Aber Achtung, ein mergen von UT benötigt sehr viel Speicherplatz. Gut das Doppelte von dem Inhalt auf CD. Weil er die Dateien zuerst in dein tmp kopiert und zusammenstellt und sie von dort aus zusammen mit patches etc.. nach /opt/irgendwas kopiert.

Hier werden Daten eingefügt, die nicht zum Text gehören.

Definition is_inf (R : realFieldType) (S : R -> Prop) (v : R) : Prop :=
  (forall y, S y -> v <= y) /\ (forall w, (forall y, S y -> w <= y) -> w <= v).
Definition is_sup (R : realFieldType) (S : R -> Prop) (v : R) : Prop :=
  (forall y, S y -> y <= v) /\ (forall w, (forall y, S y -> y <= w) -> v <= w).
Definition is_max (R : realFieldType) (S : R -> Prop) (v : R) : Prop :=
  S v /\ (forall y, S y -> y <= v).

From HB Require Import structures.
From mathcomp Require Import all_boot all_order all_algebra.
From mathcomp Require Import ring lra.
Set Implicit Arguments. Unset Strict Implicit. Unset Printing Implicit Defensive.
Import Order.TTheory GRing.Theory Num.Theory.
Local Open Scope ring_scope.

(* Weak duality is the identity x = B (A x) - (B A - I) x, giving
   ||x||_inf <= ||B||_max ||A x||_1 + delta ||x||_1, and its trace form
   tr Q = <B, Q A^T> - <B A - I, Q>.  Strong duality decouples over the rows of B:
   row i is the linear program  min ||b||_inf  s.t.  ||A^T b - e_i||_inf <= delta,
   whose dual is  max x_i - delta ||x||_1  s.t.  ||A x||_1 <= 1.  Farkas' lemma,
   proved by Fourier-Motzkin elimination, yields a primal-dual pair with equal values:
   an infeasibility certificate would have to avoid the constraints
   |b_d| <= x_i - delta ||x||_1 altogether, and then it forces A w = 0 for some w with
   w_i < 0, which full column rank forbids.  Finally the rank-one matrix Q = +-e_i x^T carries
   the dual optimum over to the trace program. *)

Section Farkas.
Variable R : realFieldType.

Lemma sum_eq_mull (I : finType) (p : I) (f : I -> R) :
  \sum_i (i == p)%:R * f i = f p.
Proof.
by rewrite (bigD1 p) //= eqxx mul1r big1 ?addr0 // => i /negbTE ->; rewrite mul0r.
Qed.

Lemma sum_comb_mull (I K : finType) (y : K -> R) (m : K -> I -> R) (f : I -> R) :
  \sum_i (\sum_r y r * m r i) * f i = \sum_r y r * \sum_i m r i * f i.
Proof.
under eq_bigr do rewrite mulr_suml.
rewrite exchange_big; apply: eq_bigr => r _.
by rewrite mulr_sumr; apply: eq_bigr => i _; rewrite mulrA.
Qed.

Lemma exists_between (I : finType) (P N : pred I) (L U : I -> R) :
  (forall p q, P p -> N q -> L q <= U p) ->
  exists t, (forall q, N q -> L q <= t) /\ (forall p, P p -> t <= U p).
Proof.
move=> LU; case: (pickP N) => [q0 Nq0|N0].
  exists (\big[Order.max/L q0]_(q | N q) L q); split.
    by move=> q Nq; apply: le_bigmax_cond.
  by move=> p Pp; apply: bigmax_le => [|q Nq]; apply: LU.
case: (pickP P) => [p0 Pp0|P0].
  exists (\big[Order.min/U p0]_(p | P p) U p); split; first by move=> q; rewrite N0.
  by move=> p Pp; apply: bigmin_le_cond.
by exists 0; split => [q|p]; rewrite ?N0 ?P0.
Qed.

So kommt es das aus 8 GB schnell 24 werden wenn man die CD auch noch übers tmp-Verzeichnis einbindet ;)

Mfg Chris

----------

## Dragonix

Hast du die 'normale' DVD oder die UT Anthology?

Evtl hilft dir der Englische Thred: https://forums.gentoo.org/viewtopic-t-526497-highlight-.html

Meine Anthology DVD geht damit, die andere, denk es war eine Version von Midway, hab ich dann nicht mehr probiert.

----------

## markusk21

Danke, ich kenn das topic. 

Ich habe das mit dem Kopieren versucht, allerdings nicht von der Windows-Version, sondern wie oben genannt so wie es bei holarse beschrieben ist.

Durch den rest bin ich nicht so durchgestiegen, außer dass das ebuild jetzt auch mit der dortigen Version laufen soll. Kann ich für mich leider nicht bestätigen.

Es ist übrigens die Version von midway, allerdings gibt es nirgends das Tux-Symbol.  :Sad: 

Der Tipp mit dem kopierten linux-installer.sh war ganz gut. Leider fehlten dabei immer 2 Dateien.  Zudem musste ich die cab-Dateien zusätzlich noch entpacken, sodass sie zusammen mit der Verzeichnisstruktur im Tmp-Verzeichnis lagen. Vorher hat er über noch mehr fehlende Dateien muckiert.

Ich werde es anders lösen. Ein Freund tauscht seine cd-Version mit mir  :Smile: 

Ich lasse dieses Thema aber offen, da ich immer noch an einer Lösung interessiert bin und man meine Methode wohl kaum als [solved] bezeichnen kann.

Viele Grüße und weiterhin Danke für Tipps.

Markus

----------